I unwrap a gift today.
There is crisp, pink tissue paper and tiny fingers. A small foot. A pair of dimples.
Cherry blossom love kisses the sky and my daughter’s cheeks. My daughter. There you are. One full year of memories. All those midnight hours and aching bones and swaying shoulders and desperate prayers and spilling gratitude and tentative attempts at sitting, crawling, walking away from me.
You always turn back toward me at the last minute and I cup your heart in mine as your face burrows into my neck.
I unwrap the gift that this generous God has saved till last. Again. He surprises me with His ridiculous goodness. The day serenades – a love song chorus of dappled pink trees, South African accents, strawberries and life.
It’s right there on the plate – in fifteen different languages. One of them home to me.
My tiny daughter – everything about you exclaims this truth.

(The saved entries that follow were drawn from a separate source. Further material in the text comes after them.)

(* Labels vanish at the roots and change by +-1 along r, so a rooted labelling
   is determined by the bits telling whether a label exceeds its parent's. *)
Lemma rooted_labelling_inj f1 f2 : rooted_labelling f1 -> rooted_labelling f2 ->
  (forall x, (f1 x == f1 (parent x) + 1)%R = (f2 x == f2 (parent x) + 1)%R) ->
  f1 = f2.
Proof.
case/andP=> /forallP root1 /forallP step1 /andP[/forallP root2 /forallP step2] same_bits.
apply/ffunP=> x; move: {2}(root_dist x).+1 (ltnSn (root_dist x)) => k.
elim: k x => [//|k IH] x xk.
have [/eqP xroot | xroot] := eqVneq (root x) x.
  by rewrite (eqP (implyP (root1 x) xroot)) (eqP (implyP (root2 x) xroot)).
have /andP[xp px] := parentP xroot.
have := same_bits x; have := implyP (forallP (step1 x) (parent x)) xp.
have := implyP (forallP (step2 x) (parent x)) xp.
have : f1 (parent x) = f2 (parent x) by apply: IH; apply: leq_trans px _.
move: (parent x) => p ->.
case: (boolP (f1 x == f2 p + 1)%R) => [/eqP -> _ _ /esym/eqP -> // | _].
rewrite orbF => /orP[/eqP s2 /eqP s1 _ | /eqP -> _]; last by rewrite eqxx.
by apply: (@addIr _ 1%R); rewrite -s1 -s2.
Qed.

Lemma card_rooted_labellings : #|[set f | rooted_labelling f]| <= 2 ^ #|T|.
Proof.
pose bits (f : {ffun T -> 'Z_3}) := [ffun x => (f x == f (parent x) + 1)%R].
rewrite -(@card_in_imset _ _ bits); last first.
  move=> f1 f2; rewrite !inE => rf1 rf2 /ffunP eq_bits.
  by apply: rooted_labelling_inj => // x; move: (eq_bits x); rewrite !ffunE.
by rewrite (leq_trans (max_card _)) // card_ffun card_bool.
Qed.

End RootedLabellings.

Section Edges.
Variable G : graph.
Local Notation V := 'I_(gn G).
Local Notation adj := (@gadj G).

Definition gedge := {p : V * V | adj p.1 p.2 && (p.1 < p.2)}.

Lemma gedge_adj (e : gedge) : adj (val e).1 (val e).2.
Proof. by case: e => -[a b] /= /andP[]. Qed.

Lemma gedge_lt (e : gedge) : (val e).1 < (val e).2.
Proof. by case: e => -[a b] /= /andP[]. Qed.

Definition joins (e : gedge) (u v : V) := (val e == (u, v)) || (val e == (v, u)).

Lemma joins_sym e u v : joins e u v = joins e v u.
Proof. exact: orbC. Qed.

Lemma joins_inj e1 e2 u v : joins e1 u v -> joins e2 u v -> e1 = e2.
Proof.
have l1 := gedge_lt e1; have l2 := gedge_lt e2.
by case/orP=> /eqP e1uv /orP[] /eqP e2uv; apply: val_inj; rewrite e1uv e2uv //;
  move: l1 l2; rewrite e1uv e2uv /=; lia.
Qed.

Lemma adj_joins u v : adj u v -> exists e, joins e u v.
Proof.
move=> auv; have [uv|vu|/val_inj euv] := ltngtP u v.
- have uvE : adj u v && (u < v) by rewrite auv uv.
  by exists (exist _ (u, v) uvE); rewrite /joins eqxx.
- have vuE : adj v u && (v < u) by rewrite (@gadj_sym G) auv vu.
  by exists (exist _ (v, u) vuE); rewrite /joins eqxx orbT.
- by move: auv; rewrite euv (@gadj_irr G).
Qed.

Lemma joins_adj e u v : joins e u v -> adj u v.
Proof.
by case/orP=> /eqP euv; have := gedge_adj e; rewrite euv // (@gadj_sym G).
Qed.

Definition edge_arc (s : {ffun gedge -> bool}) e : V * V :=
  if s e then val e else ((val e).2, (val e).1).

Lemma joins_edge_arc s e : joins e (edge_arc s e).1 (edge_arc s e).2.
Proof.
by rewrite /joins /edge_arc; case: (s e) => /=; rewrite -surjective_pairing eqxx ?orbT.
Qed.

Lemma edge_arc_inj s : injective (edge_arc s).
Proof.
move=> e1 e2 arc12; apply: joins_inj (joins_edge_arc s e1) _.
by rewrite arc12 joins_edge_arc.
Qed.

Definition bits_orientation s : rel V := fun u v => [exists e, edge_arc s e == (u, v)].

Lemma bits_orientationP s : is_orientation (bits_orientation s).
Proof.
have arc_joins e u v : edge_arc s e = (u, v) -> joins e u v.
  by move=> euv; have := joins_edge_arc s e; rewrite euv.
move=> u v; split.
  apply/idP/orP => [/adj_joins[e /orP[]/eqP ev] | [] /existsP[e /eqP/arc_joins]].
  - by case se: (s e); [left | right]; apply/existsP; exists e; rewrite /edge_arc se ev.
  - by case se: (s e); [right | left]; apply/existsP; exists e; rewrite /edge_arc se ev.
  - exact: joins_adj.
  - by rewrite joins_sym; exact: joins_adj.
apply/andP=> -[/existsP[e1 /eqP a1] /existsP[e2 /eqP a2]].
have e12 : e1 = e2.
  by apply: joins_inj (arc_joins _ _ _ a1) _; rewrite joins_sym; exact: arc_joins.
have := joins_adj (arc_joins _ _ _ a1); rewrite e12 a2 in a1; case: a1 => -> _.
by rewrite (@gadj_irr G).
Qed.

Lemma big_bits_orientation (R : Type) (idx : R) (op : Monoid.com_law idx) s
    (F : V -> V -> R) :
  \big[op/idx]_u \big[op/idx]_(v | bits_orientation s u v) F u v =
  \big[op/idx]_e F (edge_arc s e).1 (edge_arc s e).2.
Proof.
rewrite pair_big_dep (eq_bigl (mem (edge_arc s @: [set: gedge]))) => [|[u v]] /=.
  rewrite big_imset => [|e1 e2 _ _ /edge_arc_inj //].
  by apply: eq_bigl => e; rewrite in_setT.
by apply/existsP/imsetP => [[e /eqP <-] | [e _ ->]]; exists e; rewrite ?in_setT.
Qed.

Lemma sum_gdeg : \sum_(v : V) gdeg v = 2 * #|{: gedge}|.
Proof.
pose o := bits_orientation [ffun=> true].
have arcs : \sum_u \sum_(v | o u v) 1 = #|{: gedge}|.
  by rewrite big_bits_orientation sum1_card.
rewrite mul2n -addnn -{1}arcs -[in RHS]arcs [X in _ + X](exchange_big_dep predT) //=.
rewrite -big_split /=.
apply: eq_bigr => v _; rewrite /gdeg -sum1dep_card big_mkcond.
rewrite [in RHS]big_mkcond [X in _ + X]big_mkcond -big_split; apply: eq_bigr => u _ /=.
have [-> /negP] := bits_orientationP [ffun=> true] v u.
by rewrite -/o; case: (o v u); case: (o u v).
Qed.

Definition respects s (f : V -> 'Z_3) e :=
  (f (edge_arc s e).2 == f (edge_arc s e).1 + 1)%R.

Definition violated s f := [set e | ~~ respects s f e].

Lemma respects_joins s f e u v : joins e u v -> respects s f e ->
  (f v == f u + 1)%R || (f u == f v + 1)%R.
Proof.
rewrite /respects /edge_arc; case: (s e) => /orP[] /eqP -> //= ->; by rewrite ?orbT.
Qed.

End Edges.

Lemma card_pairs (I J : finType) (P : I -> J -> bool) :
  #|[set p : I * J | P p.1 p.2]| = \sum_i #|[set j | P i j]|.
Proof.
rewrite -sum1dep_card -(pair_big_dep predT (fun i j => P i j) (fun _ _ => 1)) /=.
by apply: eq_bigr => i _; rewrite sum1dep_card.
Qed.

Lemma Z3_succ_asym (a b : 'Z_3) : (a == b + 1)%R -> (b == a + 1)%R = false.
Proof. by case: a b => -[|[|[|]]] // ? [[|[|[|]]] ?]. Qed.

Section NearlyZ3Orientations.
Variable G : graph.
Local Notation V := 'I_(gn G).
Local Notation E := (gedge G).
Local Notation m := #|{: E}|.

Definition kept_rel (L : {set E}) : rel V :=
  fun x y => [exists e, (e \notin L) && joins e x y].

Lemma kept_rel_sym L : symmetric (kept_rel L).
Proof. by move=> x y; apply: eq_existsb => e; rewrite joins_sym. Qed.

(* The code (L, T, f) stands for the orientation which, on the edges of L,
   follows the vertex order exactly on T and, off L, goes from label a to a + 1
   of f.  Normalising f on the components of the edges outside L makes it a
   rooted labelling, whence at most 2^n labels per (L, T). *)
Definition code := ({set E} * {set E} * {ffun V -> 'Z_3})%type.

Definition decode (c : code) : {ffun E -> bool} :=
  [ffun e => if e \in c.1.1 then e \in c.1.2
              else (c.2 (val e).2 == c.2 (val e).1 + 1)%R].

Definition codes M := [set c : code |
  [&& M * #|c.1.1| < m, c.1.2 \subset c.1.1 & rooted_labelling (kept_rel c.1.1) c.2]].

Lemma nearly_Z3_decode M :
  [set s | [exists f : {ffun V -> 'Z_3}, M * #|violated s f| < m]]
    \subset decode @: codes M.
Proof.
apply/subsetP=> s; rewrite inE => /existsP[f Mf].
set L := violated s f; set rt := fingraph.root (kept_rel L).
pose f' := [ffun x => f x - f (rt x)]%R.
have same_root e : e \notin L -> rt (val e).1 = rt (val e).2.
  move=> eL; apply/(fingraph.rootP (sym_connect_sym (@kept_rel_sym L))); apply: connect1.
  by apply/existsP; exists e; rewrite eL /joins -surjective_pairing eqxx.
have shift a b : rt a = rt b -> (f' b == f' a + 1)%R = (f b == f a + 1)%R.
  by move=> rab; rewrite !ffunE rab addrAC; apply/eqP/eqP => [/addIr | ->].
apply/imsetP; exists ((L, [set e in L | s e]), f'); last first.
  apply/ffunP=> e; rewrite /decode ffunE /=; case: ifP => [eL | /negbT eL].
    by rewrite inE eL.
  rewrite shift ?same_root //; move: eL; rewrite inE negbK /respects /edge_arc.
  by case: (s e) => /= [-> | /Z3_succ_asym ->].
rewrite inE /= Mf /=; apply/andP; split.
  by apply/subsetP=> e; rewrite inE => /andP[].
apply/andP; split.
  by apply/forallP=> x; apply/implyP=> /eqP rx; rewrite ffunE /rt rx subrr.
apply/forallP=> x; apply/forallP=> y; apply/implyP=> /existsP[e /andP[eL jxy]].
have rxy : rt x = rt y.
  by case/orP: jxy (same_root e eL) => /eqP -> //= /esym.
rewrite (shift x y rxy) (shift y x (esym rxy)); apply: (respects_joins (s := s) jxy).
by move: eL; rewrite inE negbK.
Qed.

Lemma card_codes M :
  #|codes M| <= (\sum_(L : {set E} | M * #|L| < m) 2 ^ #|L|) * 2 ^ gn G.
Proof.
pose small (L T : {set E}) := (M * #|L| < m) && (T \subset L).
have labellings LT :
    #|[set f | small LT.1 LT.2 && rooted_labelling (kept_rel LT.1) f]|
      <= small LT.1 LT.2 * 2 ^ gn G.
  case: (small _ _) => /=; last first.
    by rewrite mul0n leqn0; apply/eqP/eq_card0 => f; rewrite inE.
  rewrite mul1n -[X in 2 ^ X]card_ord.
  exact: card_rooted_labellings (@kept_rel_sym LT.1).
have pairs : \sum_(LT : {set E} * {set E}) small LT.1 LT.2 =
               \sum_(L : {set E} | M * #|L| < m) 2 ^ #|L|.
  rewrite -(pair_big predT predT (fun L T => nat_of_bool (small L T))) /= [RHS]big_mkcond /=.
  apply: eq_bigr => L _; case: ifP => ML; last by rewrite big1 // => T _; rewrite /small ML.
  rewrite -card_powerset -sum1_card [RHS]big_mkcond; apply: eq_bigr => T _.
  by rewrite /small ML powersetE.
have -> : codes M =
    [set c : code | small c.1.1 c.1.2 && rooted_labelling (kept_rel c.1.1) c.2].
  by apply/setP=> c; rewrite !inE andbA.
rewrite (card_pairs (fun LT f => small LT.1 LT.2 && rooted_labelling (kept_rel LT.1) f)).
by rewrite -pairs big_distrl /=; apply: leq_sum => LT _; exact: labellings.
Qed.

End NearlyZ3Orientations.

Lemma sum_subsets_pow (E : finType) K :
  \sum_(L : {set E}) 2 ^ #|L| * K ^ (#|E| - #|L|) = (K + 2) ^ #|E|.
Proof.
have -> : (K + 2) ^ #|E| = \prod_(e : E) \sum_(b : bool) (if b then 2 else K).
  by rewrite -prod_nat_const; apply: eq_bigr => e _; rewrite big_bool addnC.
rewrite bigA_distr_bigA /= (reindex (fun g : {ffun E -> bool} => [set e | g e])) /=.
  apply: eq_bigr => g _; rewrite [RHS](bigID g) /= (eq_bigr (fun=> 2)) => [|e -> //].
  rewrite [X in _ = _ * X](eq_bigr (fun=> K)) => [|e /negPf -> //].
  rewrite !prod_nat_const -(cardsC [set e | g e]) addKn; congr (2 ^ _ * K ^ _).
    by apply: eq_card => e; rewrite inE.
  by apply: eq_card => e; rewrite !inE.
exists (fun L : {set E} => [ffun e => e \in L]) => [g _ | L _].
  by apply/ffunP => e; rewrite ffunE inE.
by apply/setP => e; rewrite inE ffunE.
Qed.

Lemma small_subsets_bound (E : finType) K T : 0 < K ->
  K ^ #|E| * \sum_(L : {set E} | #|L| <= T) 2 ^ #|L| <= K ^ T * (K + 2) ^ #|E|.
Proof.
move=> K0; rewrite -sum_subsets_pow !big_distrr /=.
rewrite [X in _ <= X](bigID (fun L : {set E} => #|L| <= T)) /=.
apply: leq_trans (leq_addr _ _); apply: leq_sum => L LT.
have -> : K ^ #|E| = K ^ (#|E| - #|L|) * K ^ #|L| by rewrite -expnD subnK ?max_card.
by rewrite -mulnA [2 ^ _ * _]mulnC mulnCA leq_mul ?leq_pexp2l.
Qed.

Lemma Bernoulli_bound N K : 2 * N + 2 <= K -> (K + 2) ^ N * (K - 2 * N) <= K ^ N.+1.
Proof.
elim: N => [|N IH] NK; first by rewrite expn0 mul1n muln0 subn0 expn1.
have step : (K + 2) * (K - 2 * N.+1) <= K * (K - 2 * N) by nia.
rewrite expnS (expnS K) -mulnA mulnCA.
apply: leq_trans (leq_mul (leqnn _) step) _.
by rewrite mulnCA leq_mul2l IH ?orbT //; lia.
Qed.

Lemma expn_add2_le N K : 4 * N <= K -> (K + 2) ^ N <= 2 * K ^ N.
Proof.
case: N => [|N] NK; first by rewrite !expn0.
have K0 : 0 < K by lia.
rewrite -(@leq_pmul2r K) // -mulnA -expnSr.
apply: leq_trans (_ : _ <= 2 * ((K + 2) ^ N.+1 * (K - 2 * N.+1))) _.
  by rewrite mulnCA leq_mul2l; apply/orP; right; lia.
by rewrite leq_mul2l Bernoulli_bound ?orbT //; lia.
Qed.

Lemma expn_le_pow2 K e : K ^ e <= 2 ^ (K * e).
Proof.
case: e => [|e]; first by rewrite muln0.
by rewrite expnM leq_exp2r // ltnW // ltn_expl.
Qed.

Lemma small_subsets_count (E : finType) n q : 0 < q -> 0 < #|E| ->
  q * n <= (q - 1) * #|E| ->
  (\sum_(L : {set E} | 2 * q * (8 * q) * #|L| < #|E|) 2 ^ #|L|) * 2 ^ n < 2 ^ #|E|.
Proof.
(* Raise to the power N = 2q: with K = 8q = 4N, (K + 2)^N <= 2 K^N and
   K^N <= 2^(N K), while |L| <= (m - 1) / (N K). *)
move=> q0 m0 qn; set m := #|E| in m0 qn *.
have qm : m <= q * m by rewrite leq_pmull.
have nq : n * (2 * q) <= (2 * q - 2) * m by move: qn; rewrite !mulnBl; lia.
have mq : m - 1 + m + (2 * q - 2) * m < m * (2 * q) by rewrite mulnBl; lia.
set N := 2 * q in nq mq *; set K := 8 * q; set S := \sum_(L | _) _.
have K0 : 0 < K by lia.
pose T := (m - 1) %/ (N * K).
have small_le : S <= \sum_(L : {set E} | #|L| <= T) 2 ^ #|L|.
  rewrite /S big_mkcond [X in _ <= X]big_mkcond; apply: leq_sum => L _.
  by case: ifP => // ML; rewrite ifT // leq_divRL ?muln_gt0 //; lia.
have aT : K ^ (T * N) <= 2 ^ (m - 1).
  apply: leq_trans (expn_le_pow2 _ _) _; rewrite leq_exp2l //.
  by apply: leq_trans (leq_divM (m - 1) (N * K)); lia.
have aK : (K + 2) ^ (m * N) <= 2 ^ m * K ^ (m * N).
  rewrite (mulnC m) (expnM (K + 2)) (expnM K) -expnMn leq_exp2r // expn_add2_le //.
  by rewrite /N /K; lia.
have an : 2 ^ (n * N) <= 2 ^ ((N - 2) * m) by rewrite leq_exp2l.
have key : K ^ T * (K + 2) ^ m * 2 ^ n < 2 ^ m * K ^ m.
  rewrite -(@ltn_exp2r _ _ N) ?muln_gt0 // (expnMn (K ^ T * _)) (expnMn (K ^ T)).
  rewrite (expnMn (2 ^ m)) -!expnM.
  apply: leq_ltn_trans (leq_mul (leq_mul aT aK) an) _.
  by rewrite mulnA -expnD mulnAC -expnD ltn_pmul2r ?expn_gt0 ?K0 // ltn_exp2l.
have SK : K ^ m * S <= K ^ T * (K + 2) ^ m.
  by apply: leq_trans _ (small_subsets_bound E T K0); rewrite leq_mul2l small_le orbT.
rewrite -(@ltn_pmul2l (K ^ m)) ?expn_gt0 ?K0 // mulnA (mulnC _ (2 ^ m)).
by apply: leq_ltn_trans key; rewrite leq_mul2r SK orbT.
Qed.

And even if I were deaf I would still hear the day proclaiming in a thousand different tongues that God is good and He brings good gifts. He unwraps life alongside me on a rundown deck in Northern Virginia on the most perfect March 19th.
He’s been doing that since I first promised Peter I would never want to have children.
And then again when I was certain I would never want to mother a daughter.
He’s at it again today. Patiently waiting for me to unwrap more layers still of His goodness. How could I have known? How could the desperate teenager orphaned from her womanhood have known that He had life waiting for me on a spring morning in the States?
Roots grow best in hearts, not soil.
Days have felt heavy lately and I have felt empty. All poured out. People I love are grieving and I know with my own two eyes what Jesus meant when He said, “in this world you will have trouble.”
But today I see the sky and the blossoms just dancing there on the branches. And I hear the second part of that promise, “But take heart! I have overcome the world.”
A baby girl walks holding my hand.
Her fingers laced through mine like ribbon.